We avoided each checkpoint by driving off into the fields and making our way through olive groves and ancient stone villages to detour around the army. So much for Israeli security. Outside Yabad–a cold stone village in a fold of hills between Jenin and the sea–an Israeli officer warned us not to go further. “I wouldn’t go there,” he said. “There’s a funeral.” But the only disturbing thing about Yabad was its sorrow. Just a few hours before, Israeli soldiers had shot dead two brothers–Bilal and Hilal Salah–as they stood on a village embankment above a settlers’ road. Their eldest brother said they were shouting abuse. Another villager said they may have been throwing stones. They had grown up together, gone to school together, opened a small restaurant together, been shot in the head together and were now buried together.
What was it President Clinton said last week? That he wanted the youth of “both sides” to come together to help end the “violence”? But the youth to whom he was appealing are dying and killing. Bilal and Hilal Salah were 21 and 18, the soldiers who killed them probably little more than 20. The Israeli officer who warned me not to go to Yabad could not have been more than 25. The young are too busy fighting their war to worry about Clinton.

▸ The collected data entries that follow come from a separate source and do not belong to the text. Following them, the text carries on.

(* Every step is a reindexing of countable gluings.  Composing, or gluing along
   a Delta_{F^*}-partition, functions that are themselves gluings of members of
   F along Delta_F-partitions is again such a gluing, along the common
   refinement of the partitions involved; the pieces of that refinement are in
   Delta_F because Delta_F is closed under finite intersections and under
   preimages by members of F.  A Borel-amenable G conversely has Delta_G
   closed under intersections (A /\ B reduces to N_<0> by gluing a reduction
   of B on A with a constant on its complement), and G^* = G. *)

From Pilot Require Import Defs.
From Stdlib Require Import Reals Lra Lia Cantor Classical ClassicalEpsilon ConstructiveEpsilon
  FunctionalExtensionality PropExtensionality.
Import Defs.
Open Scope R_scope.

Definition N0 : Baire -> Prop := N (cons 0%nat nil).

Lemma N0_iff x : N0 x <-> x 0%nat = 0%nat.
Proof.
  split; intro H.
  - apply (H 0%nat). simpl; lia.
  - intros i Hi. simpl in Hi. replace i with 0%nat by lia. exact H.
Qed.

Lemma first_diff_spec x y H :
  x (first_diff x y H) <> y (first_diff x y H) /\
  forall k, x k <> y k -> (first_diff x y H <= k)%nat.
Proof. unfold first_diff. destruct epsilon_smallest as [n [Hn Hm]]. simpl. auto. Qed.

Lemma d_nonneg x y : 0 <= d x y.
Proof.
  unfold d. destruct excluded_middle_informative; [|lra].
  left. apply Rinv_0_lt_compat, pow_lt; lra.
Qed.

It is a curious reflection on this unfolding tragedy that Israel is able to set the daily news agenda. Can Arafat control his people? Are Palestinians deliberately putting their children in the line of fire? These questions were set by the Israeli government and duly parroted by CNN and the BBC World Service, each question effectively blaming the Palestinians for their own deaths at the hands of Israeli soldiers. Repeatedly, Palestinians shot in the head by Israelis were reported as having died in “clashes” or “crossfire,” as if their deaths were attributable to some natural disaster rather than to the wholesale Israeli use of live bullets, which, if employed against protesters by, say, the Serbs, would have elicited a world outcry.

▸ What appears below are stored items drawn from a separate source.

Lemma helmholtz_velocity_closed U c : helmholtz U c ->
  (forall x y a b, U x y -> d_yd (Bxx c) x y a b = d_xd (Bxy c) x y a b) /\
  (forall x y a b, U x y -> d_yd (Bxy c) x y a b = d_xd (Byy c) x y a b).
Proof.
  intros Hh. split; intros x y a b Hu; destruct (Hh x y a b Hu) as (H1 & H2 & _); auto.
Qed.

Lemma kappa_gradient W c x y a b : loc_variational W c -> W x y ->
  is_derive (fun s => Kx c x y s b) a (Bxx c x y a b) /\
  is_derive (fun s => Kx c x y a s) b (Bxy c x y a b) /\
  is_derive (fun s => Ky c x y s b) a (Bxy c x y a b) /\
  is_derive (fun s => Ky c x y a s) b (Byy c x y a b).
Proof.
  intros [(_ & _ & sBxx & sBxy & sByy) Hh] Hw.
  destruct (helmholtz_velocity_closed W c Hh) as [Cx Cy].
  rewrite !Kx_primitive, !Ky_primitive.
  split; [| split; [| split]].
  - exact (is_derive_velocity_primitive_xd W _ _ sBxx _ _ _ _ Hw).
  - exact (is_derive_velocity_primitive_yd W _ _ sBxx sBxy _ _ _ _ Hw
             (fun nu => Cx _ _ _ _ Hw)).
  - exact (is_derive_velocity_primitive_xd W _ _ sBxy _ _ _ _ Hw).
  - exact (is_derive_velocity_primitive_yd W _ _ sBxy sByy _ _ _ _ Hw
             (fun nu => Cy _ _ _ _ Hw)).
Qed.

Section Helmholtz.

Variable W : R -> R -> Prop.
Variable c : coeffs.
Hypothesis W_open : open2 W.
Hypothesis c_variational : loc_variational W c.

Lemma Dfun_partial_xd x y a b : W x y ->
  is_derive (fun s => Dfun c x y s b) a (2 * (d_y (Bxx c) x y a b - d_x (Bxy c) x y a b)).
Proof.
  destruct c_variational as [(sAx & sAy & sBxx & sBxy & sByy) Hh]. intros Hw.
  destruct (helmholtz_velocity_closed W c Hh) as [Cxy _].
  eapply is_derive_replace.
  { apply is_derive_Rminus; apply Derive_correct.
    - apply (smooth4_ex_derive W _ x y a b (smooth4_d_yd W _ sAx) Hw).
    - apply (smooth4_ex_derive W _ x y a b (smooth4_d_xd W _ sAy) Hw). }
  change (d_xd (d_yd (Ax c)) x y a b - d_xd (d_xd (Ay c)) x y a b =
          2 * (d_y (Bxx c) x y a b - d_x (Bxy c) x y a b)).
  (* the a-derivatives of the third and fifth Helmholtz conditions *)
  assert (EAx : d_yd (d_xd (Ax c)) x y a b = a * d_yd (d_x (Bxx c)) x y a b
                + d_y (Bxx c) x y a b + b * d_yd (d_y (Bxx c)) x y a b).
  { transitivity (Derive (fun s => a * d_x (Bxx c) x y a s + s * d_y (Bxx c) x y a s) b).
    - apply Derive_ext. intros s. destruct (Hh x y a s Hw) as (_ & _ & H & _). lra.
    - apply is_derive_unique. auto_derive.
      + destruct (smooth4_ex_derive W _ x y a b (smooth4_d_x W _ sBxx) Hw) as (_ & _ & _ & ?).
        destruct (smooth4_ex_derive W _ x y a b (smooth4_d_y W _ sBxx) Hw) as (_ & _ & _ & ?).
        auto.
      + unfold d_yd. ring. }
  assert (EAy : d_xd (d_xd (Ay c)) x y a b = 2 * d_x (Bxy c) x y a b
                + 2 * a * d_xd (d_x (Bxy c)) x y a b + 2 * b * d_xd (d_y (Bxy c)) x y a b
                - d_xd (d_yd (Ax c)) x y a b).
  { transitivity (Derive (fun s => 2 * s * d_x (Bxy c) x y s b
                                  + 2 * b * d_y (Bxy c) x y s b - d_yd (Ax c) x y s b) a).
    - apply Derive_ext. intros s. destruct (Hh x y s b Hw) as (_ & _ & _ & _ & H & _). lra.
    - apply is_derive_unique. auto_derive.
      + destruct (smooth4_ex_derive W _ x y a b (smooth4_d_x W _ sBxy) Hw) as (_ & _ & ? & _).
        destruct (smooth4_ex_derive W _ x y a b (smooth4_d_y W _ sBxy) Hw) as (_ & _ & ? & _).
        destruct (smooth4_ex_derive W _ x y a b (smooth4_d_yd W _ sAx) Hw) as (_ & _ & ? & _).
        auto.
      + unfold d_xd. ring. }
  rewrite EAy, (d_xd_d_yd_comm W), EAx, (d_x_closed W (Bxx c) (Bxy c)),
    (d_y_closed W (Bxx c) (Bxy c)) by auto.
  ring.
Qed.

In reality, Arafat’s “control” is irrelevant. It is the Palestinian people who are setting the limits to this armed intifada, who are effectively dictating the course of their war against the Israelis. There is no controlling agent–neither for stone-throwers nor for Palestinian policemen who fire at the Israelis nor for the mob that lynched two Israeli soldiers. Sheer despair at the perceived injustice of the Oslo agreement–a treaty that seemed certain to cheat them of a capital in East Jerusalem, a return of refugees and an end to massive Jewish settlements on occupied land–simply overwhelmed the clichés about the “peace process” and the need to put Oslo “back on track.”
If the new intifada proves one thing, it is that Oslo is dead. Palestinians no longer speak of it in the present tense. They talk only of UN Security Council Resolution 242, the original foundation of the Oslo agreement–steadily whittled away by Israeli and US negotiators–as a possible settlement. That 1967 resolution, so rarely mentioned now by State Department officials, calls for the withdrawal of Israeli forces from territory captured in the 1967 Six-Day War in return for the security of all states (including Israel) in the area. It also insists on the illegality of the acquisition of land through war. And 242, as far as the Palestinians are concerned, means a return to the 1967 borders of Israel. No more occupation of the West Bank or Gaza (or the Golan Heights) or of East Jerusalem, illegally annexed by Israel.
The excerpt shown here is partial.